§ TASK STATEMENT:
Using the records below, copy every line that holds the string "PermutationOrbits".

§ DATA EXTRACT:
/---

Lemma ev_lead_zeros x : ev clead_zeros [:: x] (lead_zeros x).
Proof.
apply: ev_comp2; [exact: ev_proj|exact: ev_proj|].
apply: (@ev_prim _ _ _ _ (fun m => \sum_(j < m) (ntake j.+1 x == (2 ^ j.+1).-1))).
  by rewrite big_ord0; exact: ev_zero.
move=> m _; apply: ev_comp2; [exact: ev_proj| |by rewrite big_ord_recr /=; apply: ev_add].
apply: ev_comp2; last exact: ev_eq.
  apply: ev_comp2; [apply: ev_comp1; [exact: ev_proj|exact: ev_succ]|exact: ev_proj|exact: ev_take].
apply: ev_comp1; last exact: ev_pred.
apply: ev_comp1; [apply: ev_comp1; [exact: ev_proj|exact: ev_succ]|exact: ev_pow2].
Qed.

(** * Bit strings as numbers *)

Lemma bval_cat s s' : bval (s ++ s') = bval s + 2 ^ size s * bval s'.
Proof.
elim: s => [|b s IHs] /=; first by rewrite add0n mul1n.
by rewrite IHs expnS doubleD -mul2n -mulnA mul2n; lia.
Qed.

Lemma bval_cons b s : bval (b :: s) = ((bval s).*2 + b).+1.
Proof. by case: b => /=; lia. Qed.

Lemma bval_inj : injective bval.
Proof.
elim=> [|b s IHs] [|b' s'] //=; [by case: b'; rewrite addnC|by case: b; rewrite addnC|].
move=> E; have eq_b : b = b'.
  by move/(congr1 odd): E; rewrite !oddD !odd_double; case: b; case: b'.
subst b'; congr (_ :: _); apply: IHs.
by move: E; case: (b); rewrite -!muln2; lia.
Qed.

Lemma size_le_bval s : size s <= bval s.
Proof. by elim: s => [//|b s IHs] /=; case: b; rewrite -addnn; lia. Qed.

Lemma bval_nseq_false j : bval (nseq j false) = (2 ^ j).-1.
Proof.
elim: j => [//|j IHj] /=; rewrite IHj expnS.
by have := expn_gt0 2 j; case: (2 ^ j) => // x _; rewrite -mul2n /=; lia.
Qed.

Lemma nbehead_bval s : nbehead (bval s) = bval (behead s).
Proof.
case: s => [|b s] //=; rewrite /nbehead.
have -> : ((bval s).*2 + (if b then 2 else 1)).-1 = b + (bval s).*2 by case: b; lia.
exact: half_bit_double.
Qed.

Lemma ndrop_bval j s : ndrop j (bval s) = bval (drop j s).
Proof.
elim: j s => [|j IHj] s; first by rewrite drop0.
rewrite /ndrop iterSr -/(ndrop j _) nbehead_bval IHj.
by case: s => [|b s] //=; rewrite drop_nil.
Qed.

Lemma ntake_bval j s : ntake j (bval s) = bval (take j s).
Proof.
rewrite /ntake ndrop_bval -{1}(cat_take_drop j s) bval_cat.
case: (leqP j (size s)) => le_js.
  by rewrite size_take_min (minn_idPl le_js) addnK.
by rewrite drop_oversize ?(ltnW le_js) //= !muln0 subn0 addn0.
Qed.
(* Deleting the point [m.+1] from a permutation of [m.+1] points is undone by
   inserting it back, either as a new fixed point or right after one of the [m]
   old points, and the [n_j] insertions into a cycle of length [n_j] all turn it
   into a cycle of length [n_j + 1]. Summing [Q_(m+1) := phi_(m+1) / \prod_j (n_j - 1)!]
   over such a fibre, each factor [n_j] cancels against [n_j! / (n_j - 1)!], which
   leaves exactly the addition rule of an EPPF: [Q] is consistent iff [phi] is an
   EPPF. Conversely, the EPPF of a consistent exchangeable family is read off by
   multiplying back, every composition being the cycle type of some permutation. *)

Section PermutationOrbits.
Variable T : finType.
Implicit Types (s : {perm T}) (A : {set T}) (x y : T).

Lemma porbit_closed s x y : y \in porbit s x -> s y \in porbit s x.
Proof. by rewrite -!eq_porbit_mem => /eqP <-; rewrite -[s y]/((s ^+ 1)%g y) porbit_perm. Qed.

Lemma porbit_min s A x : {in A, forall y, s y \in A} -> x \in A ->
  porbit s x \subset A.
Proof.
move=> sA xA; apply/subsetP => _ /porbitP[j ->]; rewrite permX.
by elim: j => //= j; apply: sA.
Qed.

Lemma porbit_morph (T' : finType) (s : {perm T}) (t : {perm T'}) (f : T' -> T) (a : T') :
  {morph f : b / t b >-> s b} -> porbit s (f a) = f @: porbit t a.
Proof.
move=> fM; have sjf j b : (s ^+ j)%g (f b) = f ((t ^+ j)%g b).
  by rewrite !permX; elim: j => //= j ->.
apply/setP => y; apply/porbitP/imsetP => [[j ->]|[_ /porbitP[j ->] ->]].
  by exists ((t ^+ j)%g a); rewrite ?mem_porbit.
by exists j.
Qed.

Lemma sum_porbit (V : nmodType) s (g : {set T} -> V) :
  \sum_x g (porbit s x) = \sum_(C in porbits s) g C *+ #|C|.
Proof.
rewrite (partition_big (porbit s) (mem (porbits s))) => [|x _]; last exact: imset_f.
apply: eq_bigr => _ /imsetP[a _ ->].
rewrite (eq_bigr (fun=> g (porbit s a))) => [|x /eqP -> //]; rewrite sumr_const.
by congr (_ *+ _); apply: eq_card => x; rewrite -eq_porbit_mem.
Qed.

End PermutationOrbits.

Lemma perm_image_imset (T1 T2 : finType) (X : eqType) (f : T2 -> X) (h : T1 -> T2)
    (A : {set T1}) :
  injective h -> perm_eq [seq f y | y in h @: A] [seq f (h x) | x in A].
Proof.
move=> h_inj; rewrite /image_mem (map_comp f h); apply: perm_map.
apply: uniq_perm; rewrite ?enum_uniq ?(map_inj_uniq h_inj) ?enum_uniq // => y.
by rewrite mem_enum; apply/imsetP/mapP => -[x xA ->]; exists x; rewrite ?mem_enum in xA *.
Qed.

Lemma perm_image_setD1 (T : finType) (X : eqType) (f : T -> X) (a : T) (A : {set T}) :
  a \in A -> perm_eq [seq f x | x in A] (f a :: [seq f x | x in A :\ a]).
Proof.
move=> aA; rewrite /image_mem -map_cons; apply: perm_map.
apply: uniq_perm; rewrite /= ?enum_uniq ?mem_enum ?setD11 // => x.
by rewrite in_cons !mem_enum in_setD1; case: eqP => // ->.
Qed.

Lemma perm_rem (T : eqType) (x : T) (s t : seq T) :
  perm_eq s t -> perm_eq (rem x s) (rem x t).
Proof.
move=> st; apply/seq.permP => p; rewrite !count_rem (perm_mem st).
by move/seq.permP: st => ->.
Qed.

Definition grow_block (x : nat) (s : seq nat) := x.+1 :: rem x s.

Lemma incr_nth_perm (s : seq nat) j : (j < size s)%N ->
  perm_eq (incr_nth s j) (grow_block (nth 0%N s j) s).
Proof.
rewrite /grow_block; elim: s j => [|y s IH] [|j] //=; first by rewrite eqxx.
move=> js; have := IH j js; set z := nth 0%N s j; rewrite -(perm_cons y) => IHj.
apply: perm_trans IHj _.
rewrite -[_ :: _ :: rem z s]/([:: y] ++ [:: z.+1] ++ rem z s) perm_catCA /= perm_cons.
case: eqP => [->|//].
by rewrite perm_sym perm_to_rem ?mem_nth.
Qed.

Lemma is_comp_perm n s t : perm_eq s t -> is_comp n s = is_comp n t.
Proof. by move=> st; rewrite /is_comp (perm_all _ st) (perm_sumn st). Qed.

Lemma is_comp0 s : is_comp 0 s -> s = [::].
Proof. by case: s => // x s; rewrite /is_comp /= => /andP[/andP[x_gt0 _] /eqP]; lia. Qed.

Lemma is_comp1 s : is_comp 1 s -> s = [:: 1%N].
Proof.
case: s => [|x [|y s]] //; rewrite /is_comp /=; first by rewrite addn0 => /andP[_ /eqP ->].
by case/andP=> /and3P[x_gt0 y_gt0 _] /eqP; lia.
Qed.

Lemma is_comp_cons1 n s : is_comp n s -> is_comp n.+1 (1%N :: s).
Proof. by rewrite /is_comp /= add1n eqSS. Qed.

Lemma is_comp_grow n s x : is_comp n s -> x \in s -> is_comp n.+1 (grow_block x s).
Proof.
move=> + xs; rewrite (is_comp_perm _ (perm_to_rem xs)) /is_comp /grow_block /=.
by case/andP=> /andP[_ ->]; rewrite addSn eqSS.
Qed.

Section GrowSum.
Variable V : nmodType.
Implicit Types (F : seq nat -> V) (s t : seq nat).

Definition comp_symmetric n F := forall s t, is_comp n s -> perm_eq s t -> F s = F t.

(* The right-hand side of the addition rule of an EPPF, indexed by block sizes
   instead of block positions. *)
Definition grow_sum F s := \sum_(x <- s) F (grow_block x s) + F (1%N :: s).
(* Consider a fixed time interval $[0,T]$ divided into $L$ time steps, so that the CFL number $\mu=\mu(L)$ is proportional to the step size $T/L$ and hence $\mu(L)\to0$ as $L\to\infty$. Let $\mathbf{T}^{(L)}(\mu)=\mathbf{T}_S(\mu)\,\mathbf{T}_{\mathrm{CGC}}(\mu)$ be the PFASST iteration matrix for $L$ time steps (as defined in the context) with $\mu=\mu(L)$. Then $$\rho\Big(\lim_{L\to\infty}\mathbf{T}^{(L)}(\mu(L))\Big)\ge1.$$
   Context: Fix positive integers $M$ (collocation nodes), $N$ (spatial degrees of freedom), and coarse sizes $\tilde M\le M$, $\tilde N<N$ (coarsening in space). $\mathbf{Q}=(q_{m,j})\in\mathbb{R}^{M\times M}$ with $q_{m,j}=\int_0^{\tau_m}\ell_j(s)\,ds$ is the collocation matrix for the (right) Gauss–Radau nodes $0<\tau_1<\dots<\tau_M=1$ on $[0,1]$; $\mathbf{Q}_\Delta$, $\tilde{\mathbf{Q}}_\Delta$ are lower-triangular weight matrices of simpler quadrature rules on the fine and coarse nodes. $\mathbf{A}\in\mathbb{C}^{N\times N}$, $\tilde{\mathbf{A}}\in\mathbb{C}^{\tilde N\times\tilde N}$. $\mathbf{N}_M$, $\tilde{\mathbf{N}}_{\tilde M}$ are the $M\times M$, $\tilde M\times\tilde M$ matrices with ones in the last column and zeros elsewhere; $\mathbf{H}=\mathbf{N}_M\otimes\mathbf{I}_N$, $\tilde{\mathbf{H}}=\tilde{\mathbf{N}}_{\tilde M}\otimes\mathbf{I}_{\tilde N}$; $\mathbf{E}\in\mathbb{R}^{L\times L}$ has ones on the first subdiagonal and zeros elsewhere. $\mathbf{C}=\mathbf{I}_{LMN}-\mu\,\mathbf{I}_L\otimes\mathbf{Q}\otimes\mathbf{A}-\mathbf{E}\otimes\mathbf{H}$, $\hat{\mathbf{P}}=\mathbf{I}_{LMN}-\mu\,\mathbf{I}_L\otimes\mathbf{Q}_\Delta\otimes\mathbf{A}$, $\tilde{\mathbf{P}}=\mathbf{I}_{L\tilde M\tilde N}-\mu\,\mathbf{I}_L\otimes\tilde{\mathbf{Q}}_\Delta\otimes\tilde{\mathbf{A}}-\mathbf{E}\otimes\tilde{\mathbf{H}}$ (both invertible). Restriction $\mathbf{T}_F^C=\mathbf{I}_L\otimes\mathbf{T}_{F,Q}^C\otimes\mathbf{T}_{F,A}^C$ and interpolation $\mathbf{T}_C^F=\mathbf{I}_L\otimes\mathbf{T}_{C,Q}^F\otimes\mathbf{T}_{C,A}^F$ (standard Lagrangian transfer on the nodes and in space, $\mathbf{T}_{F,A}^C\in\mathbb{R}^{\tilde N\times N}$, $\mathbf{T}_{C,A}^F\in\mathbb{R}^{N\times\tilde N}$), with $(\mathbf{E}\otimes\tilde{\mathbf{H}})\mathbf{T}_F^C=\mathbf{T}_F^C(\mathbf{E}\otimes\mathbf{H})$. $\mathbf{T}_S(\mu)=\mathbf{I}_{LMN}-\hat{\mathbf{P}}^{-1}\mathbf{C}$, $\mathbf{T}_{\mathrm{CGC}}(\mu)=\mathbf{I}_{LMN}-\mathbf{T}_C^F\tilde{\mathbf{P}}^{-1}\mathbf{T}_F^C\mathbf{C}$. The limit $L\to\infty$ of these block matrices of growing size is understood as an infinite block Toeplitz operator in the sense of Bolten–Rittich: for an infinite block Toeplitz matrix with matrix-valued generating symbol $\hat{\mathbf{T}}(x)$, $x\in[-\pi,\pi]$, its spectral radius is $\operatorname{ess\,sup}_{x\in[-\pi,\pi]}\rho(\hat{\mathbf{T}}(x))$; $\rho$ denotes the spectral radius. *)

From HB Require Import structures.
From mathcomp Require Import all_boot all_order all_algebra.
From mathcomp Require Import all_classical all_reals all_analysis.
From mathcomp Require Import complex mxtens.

\---

§ OUTPUT FOR THIS EXERCISE:
Section PermutationOrbits.
End PermutationOrbits.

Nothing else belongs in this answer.